Stored data entries

-*-*-

Lemma zigzag_prefix_lt_suffix k i j : zigzag f k -> (i <= k)%N -> (k.+3 <= j < n)%N ->
  f i < f j.
Proof.
move=> /and3P[z1 z2 z3] i_k /andP[k3_j lt_j].
have ltf := ltf_lef shortest_path_nth_inj.
(* Compare the extremes of the prefix [i, k] and of the suffix [k+3, j]: each
   case yields two crossing edges more than two steps apart. *)
rewrite ltNge; apply/negP => le_ji.
have lt_ji : f j < f i by rewrite ltf //; nat_lia.
have [M M_in M_max] := exists_argmax f i_k.
have [m m_in m_min] := exists_argmin f i_k.
have [M' M'_in M'_max] := exists_argmax f k3_j.
have [m' m'_in m'_min] := exists_argmin f k3_j.
case: (ltP (f M') (f M)) => [c1 | c1].
  have [a [b [a_in b_in cr]]] :
      exists a b, [/\ (k.+2 <= a < j)%N, (i <= b < k)%N & cross_at f a b].
    apply: (cross_at_of_straddle shortest_path_nth_inj
             (i1 := k.+2) (i2 := k.+3) (jc := k) (jw := M));
      rewrite ?z1 ?z2 //; try nat_lia.
    right => l l_in; case: (ltnP k.+2 l) => [l_gt | l_le].
      by apply: le_lt_trans c1; apply: M'_max; nat_lia.
    by rewrite (_ : l = k.+2); [apply: lt_le_trans z1 _; apply: M_max | ]; nat_lia.
  by apply: (cross_at_far _ _ _ cr); nat_lia.
case: (ltP (f m') (f m)) => [c2 | c2].
  have [a [b [a_in b_in cr]]] :
      exists a b, [/\ (i <= a < k.+1)%N, (k.+3 <= b < j)%N & cross_at f a b].
    apply: (cross_at_of_straddle shortest_path_nth_inj
             (i1 := k) (i2 := k.+1) (jc := k.+3) (jw := m'));
      rewrite ?z2 ?z3 //; try nat_lia.
    left => l l_in; case: (ltnP k l) => [l_gt | l_le].
      by rewrite (_ : l = k.+1); [apply: le_lt_trans z3; apply: m'_min | ]; nat_lia.
    by apply: lt_le_trans c2 _; apply: m_min; nat_lia.
  by apply: (cross_at_far _ _ _ cr); nat_lia.
have [a [b [a_in b_in cr]]] :
    exists a b, [/\ (i <= a < k)%N, (k.+3 <= b < j)%N & cross_at f a b].
  apply: (cross_at_of_straddle shortest_path_nth_inj
           (i1 := m) (i2 := i) (jc := j) (jw := M'));
    rewrite ?lt_ji ?andbT //; try nat_lia.
  - rewrite ltf; [|nat_lia|nat_lia|nat_lia].
    by apply: le_trans c2 _; apply: m'_min; nat_lia.
  - right => l l_in; rewrite ltf; [|nat_lia|nat_lia|nat_lia].
    by apply: le_trans c1; apply: M_max; nat_lia.
by apply: (cross_at_far _ _ _ cr); nat_lia.
Qed.

End ShortestPath.

Lemma shortest_path_no_reverse_zigzag d (T : orderType d) (e : rel T) (s t : T) p k :
  simple_graph e -> X_property e -> s < t -> shortest_path e s t p -> (k.+3 < size p)%N ->
  ~~ zigzag (T := T^d) (nth s p) k.
Proof.
move=> e_simple e_X lt_st p_shortest lt_k; apply/negP => zz.
have e_X' := X_property_dual e_simple.1 e_X.
have last_in : (k.+3 <= (size p).-1 < size p)%N by nat_lia.
have := zigzag_prefix_lt_suffix (T := T^d) e_simple e_X' p_shortest zz (leq0n k) last_in.
by rewrite (shortest_path_head p_shortest) (shortest_path_last p_shortest) ltEdual lt_gtF.
Qed.

Section CrossingShortestPath.
Variables (disp : Order.disp_t) (T : orderType disp) (e : rel T) (s t : T) (p : seq T).
Hypothesis e_simple : simple_graph e.
Hypothesis e_X : X_property e.
Hypothesis s_lt_t : s < t.
Hypothesis p_shortest : shortest_path e s t p.
Local Notation n := (size p).
Local Notation f := (nth s p).

Lemma has_crossing_zigzag : has_crossing p s ->
  exists k, [/\ (k.+3 < n)%N, righti p s = k.+1, lefti p s = k.+2 & zigzag f k].
Proof.
case=> i [j [lt_i lt_j cr]].
have [k [lt_k _ [zz | zz]]] := cross_at_zigzag e_simple e_X p_shortest lt_i lt_j cr;
  last first.
  by case/negP: (shortest_path_no_reverse_zigzag e_simple e_X s_lt_t p_shortest lt_k).
have range := zigzag_range e_simple e_X p_shortest zz lt_k.
have p_uniq := shortest_path_uniq e_simple p_shortest.
exists k; split => //.
- by apply: righti_eq => [//||l /range/andP[_ ->]]; nat_lia.
- by apply: lefti_eq => [//||l /range/andP[-> _]]; nat_lia.
Qed.

Lemma righti_lt_lefti_has_crossing : (righti p s < lefti p s)%N -> has_crossing p s.
Proof.
move=> lt_rl; have n_gt0 := shortest_path_size_gt0 p_shortest.
have [lt_r lt_l] := (righti_lt_size s n_gt0, lefti_lt_size s n_gt0).
have f_inj := shortest_path_nth_inj e_simple p_shortest.
have ltf := ltf_lef f_inj.
have l_0 : f (lefti p s) < f 0 by rewrite ltf ?nth_lefti_le //; nat_lia.
have [a [b [a_in b_in cr]]] :
    exists a b, [/\ (lefti p s <= a < n.-1)%N, (0 <= b < righti p s)%N & cross_at f a b].
  apply: (cross_at_of_straddle f_inj
           (i1 := lefti p s) (i2 := n.-1) (jc := 0) (jw := righti p s)); try nat_lia.
  - by rewrite l_0 (shortest_path_head p_shortest) (shortest_path_last p_shortest) s_lt_t.
  - by right => m m_in; rewrite ltf ?nth_righti_ge //; nat_lia.
by exists a, b; split => //; nat_lia.
Qed.

Lemma has_crossing_prefix_lt_suffix : has_crossing p s ->
  forall i j, (i < righti p s)%N -> (lefti p s < j)%N -> (j < n)%N -> f i < f j.
Proof.
move=> /has_crossing_zigzag[k [lt_k -> -> zz]] i j lt_i lt_j lt_jn.
by apply: (zigzag_prefix_lt_suffix e_simple e_X p_shortest zz); nat_lia.
Qed.

End CrossingShortestPath.

Theorem lemma7 (d : Order.disp_t) (T : orderType d) (e : rel T)
  (s t : T) (p : seq T) :
  simple_graph e -> X_property e -> s < t -> shortest_path e s t p ->
  ((righti p s < lefti p s)%N <-> has_crossing p s) /\
  (has_crossing p s ->
     righti p s = (lefti p s).-1 /\
     forall i j, (i < righti p s)%N -> (lefti p s < j)%N -> (j < size p)%N ->
       nth s p i < nth s p j).
Proof.
move=> e_simple e_X lt_st p_shortest.
have zigzag_of := has_crossing_zigzag e_simple e_X lt_st p_shortest.
split; first split.
- exact: righti_lt_lefti_has_crossing e_simple lt_st p_shortest.
- by case/zigzag_of => k [_ -> -> _].
- move=> cr; split; first by have [k [_ -> -> _]] := zigzag_of cr.
  exact: has_crossing_prefix_lt_suffix e_simple e_X lt_st p_shortest cr.
Qed.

-*-*-

**Problem**
Line by line, output the records exactly as given.

**Exercise answer**
Lemma zigzag_prefix_lt_suffix k i j : zigzag f k -> (i <= k)%N -> (k.+3 <= j < n)%N ->
  f i < f j.
Proof.
move=> /and3P[z1 z2 z3] i_k /andP[k3_j lt_j].
have ltf := ltf_lef shortest_path_nth_inj.
(* Compare the extremes of the prefix [i, k] and of the suffix [k+3, j]: each
   case yields two crossing edges more than two steps apart. *)
rewrite ltNge; apply/negP => le_ji.
have lt_ji : f j < f i by rewrite ltf //; nat_lia.
have [M M_in M_max] := exists_argmax f i_k.
have [m m_in m_min] := exists_argmin f i_k.
have [M' M'_in M'_max] := exists_argmax f k3_j.
have [m' m'_in m'_min] := exists_argmin f k3_j.
case: (ltP (f M') (f M)) => [c1 | c1].
  have [a [b [a_in b_in cr]]] :
      exists a b, [/\ (k.+2 <= a < j)%N, (i <= b < k)%N & cross_at f a b].
    apply: (cross_at_of_straddle shortest_path_nth_inj
             (i1 := k.+2) (i2 := k.+3) (jc := k) (jw := M));
      rewrite ?z1 ?z2 //; try nat_lia.
    right => l l_in; case: (ltnP k.+2 l) => [l_gt | l_le].
      by apply: le_lt_trans c1; apply: M'_max; nat_lia.
    by rewrite (_ : l = k.+2); [apply: lt_le_trans z1 _; apply: M_max | ]; nat_lia.
  by apply: (cross_at_far _ _ _ cr); nat_lia.
case: (ltP (f m') (f m)) => [c2 | c2].
  have [a [b [a_in b_in cr]]] :
      exists a b, [/\ (i <= a < k.+1)%N, (k.+3 <= b < j)%N & cross_at f a b].
    apply: (cross_at_of_straddle shortest_path_nth_inj
             (i1 := k) (i2 := k.+1) (jc := k.+3) (jw := m'));
      rewrite ?z2 ?z3 //; try nat_lia.
    left => l l_in; case: (ltnP k l) => [l_gt | l_le].
      by rewrite (_ : l = k.+1); [apply: le_lt_trans z3; apply: m'_min | ]; nat_lia.
    by apply: lt_le_trans c2 _; apply: m_min; nat_lia.
  by apply: (cross_at_far _ _ _ cr); nat_lia.
have [a [b [a_in b_in cr]]] :
    exists a b, [/\ (i <= a < k)%N, (k.+3 <= b < j)%N & cross_at f a b].
  apply: (cross_at_of_straddle shortest_path_nth_inj
           (i1 := m) (i2 := i) (jc := j) (jw := M'));
    rewrite ?lt_ji ?andbT //; try nat_lia.
  - rewrite ltf; [|nat_lia|nat_lia|nat_lia].
    by apply: le_trans c2 _; apply: m'_min; nat_lia.
  - right => l l_in; rewrite ltf; [|nat_lia|nat_lia|nat_lia].
    by apply: le_trans c1; apply: M_max; nat_lia.
by apply: (cross_at_far _ _ _ cr); nat_lia.
Qed.

End ShortestPath.

Lemma shortest_path_no_reverse_zigzag d (T : orderType d) (e : rel T) (s t : T) p k :
  simple_graph e -> X_property e -> s < t -> shortest_path e s t p -> (k.+3 < size p)%N ->
  ~~ zigzag (T := T^d) (nth s p) k.
Proof.
move=> e_simple e_X lt_st p_shortest lt_k; apply/negP => zz.
have e_X' := X_property_dual e_simple.1 e_X.
have last_in : (k.+3 <= (size p).-1 < size p)%N by nat_lia.
have := zigzag_prefix_lt_suffix (T := T^d) e_simple e_X' p_shortest zz (leq0n k) last_in.
by rewrite (shortest_path_head p_shortest) (shortest_path_last p_shortest) ltEdual lt_gtF.
Qed.

Section CrossingShortestPath.
Variables (disp : Order.disp_t) (T : orderType disp) (e : rel T) (s t : T) (p : seq T).
Hypothesis e_simple : simple_graph e.
Hypothesis e_X : X_property e.
Hypothesis s_lt_t : s < t.
Hypothesis p_shortest : shortest_path e s t p.
Local Notation n := (size p).
Local Notation f := (nth s p).

Lemma has_crossing_zigzag : has_crossing p s ->
  exists k, [/\ (k.+3 < n)%N, righti p s = k.+1, lefti p s = k.+2 & zigzag f k].
Proof.
case=> i [j [lt_i lt_j cr]].
have [k [lt_k _ [zz | zz]]] := cross_at_zigzag e_simple e_X p_shortest lt_i lt_j cr;
  last first.
  by case/negP: (shortest_path_no_reverse_zigzag e_simple e_X s_lt_t p_shortest lt_k).
have range := zigzag_range e_simple e_X p_shortest zz lt_k.
have p_uniq := shortest_path_uniq e_simple p_shortest.
exists k; split => //.
- by apply: righti_eq => [//||l /range/andP[_ ->]]; nat_lia.
- by apply: lefti_eq => [//||l /range/andP[-> _]]; nat_lia.
Qed.

Lemma righti_lt_lefti_has_crossing : (righti p s < lefti p s)%N -> has_crossing p s.
Proof.
move=> lt_rl; have n_gt0 := shortest_path_size_gt0 p_shortest.
have [lt_r lt_l] := (righti_lt_size s n_gt0, lefti_lt_size s n_gt0).
have f_inj := shortest_path_nth_inj e_simple p_shortest.
have ltf := ltf_lef f_inj.
have l_0 : f (lefti p s) < f 0 by rewrite ltf ?nth_lefti_le //; nat_lia.
have [a [b [a_in b_in cr]]] :
    exists a b, [/\ (lefti p s <= a < n.-1)%N, (0 <= b < righti p s)%N & cross_at f a b].
  apply: (cross_at_of_straddle f_inj
           (i1 := lefti p s) (i2 := n.-1) (jc := 0) (jw := righti p s)); try nat_lia.
  - by rewrite l_0 (shortest_path_head p_shortest) (shortest_path_last p_shortest) s_lt_t.
  - by right => m m_in; rewrite ltf ?nth_righti_ge //; nat_lia.
by exists a, b; split => //; nat_lia.
Qed.

Lemma has_crossing_prefix_lt_suffix : has_crossing p s ->
  forall i j, (i < righti p s)%N -> (lefti p s < j)%N -> (j < n)%N -> f i < f j.
Proof.
move=> /has_crossing_zigzag[k [lt_k -> -> zz]] i j lt_i lt_j lt_jn.
by apply: (zigzag_prefix_lt_suffix e_simple e_X p_shortest zz); nat_lia.
Qed.

End CrossingShortestPath.

Theorem lemma7 (d : Order.disp_t) (T : orderType d) (e : rel T)
  (s t : T) (p : seq T) :
  simple_graph e -> X_property e -> s < t -> shortest_path e s t p ->
  ((righti p s < lefti p s)%N <-> has_crossing p s) /\
  (has_crossing p s ->
     righti p s = (lefti p s).-1 /\
     forall i j, (i < righti p s)%N -> (lefti p s < j)%N -> (j < size p)%N ->
       nth s p i < nth s p j).
Proof.
move=> e_simple e_X lt_st p_shortest.
have zigzag_of := has_crossing_zigzag e_simple e_X lt_st p_shortest.
split; first split.
- exact: righti_lt_lefti_has_crossing e_simple lt_st p_shortest.
- by case/zigzag_of => k [_ -> -> _].
- move=> cr; split; first by have [k [_ -> -> _]] := zigzag_of cr.
  exact: has_crossing_prefix_lt_suffix e_simple e_X lt_st p_shortest cr.
Qed.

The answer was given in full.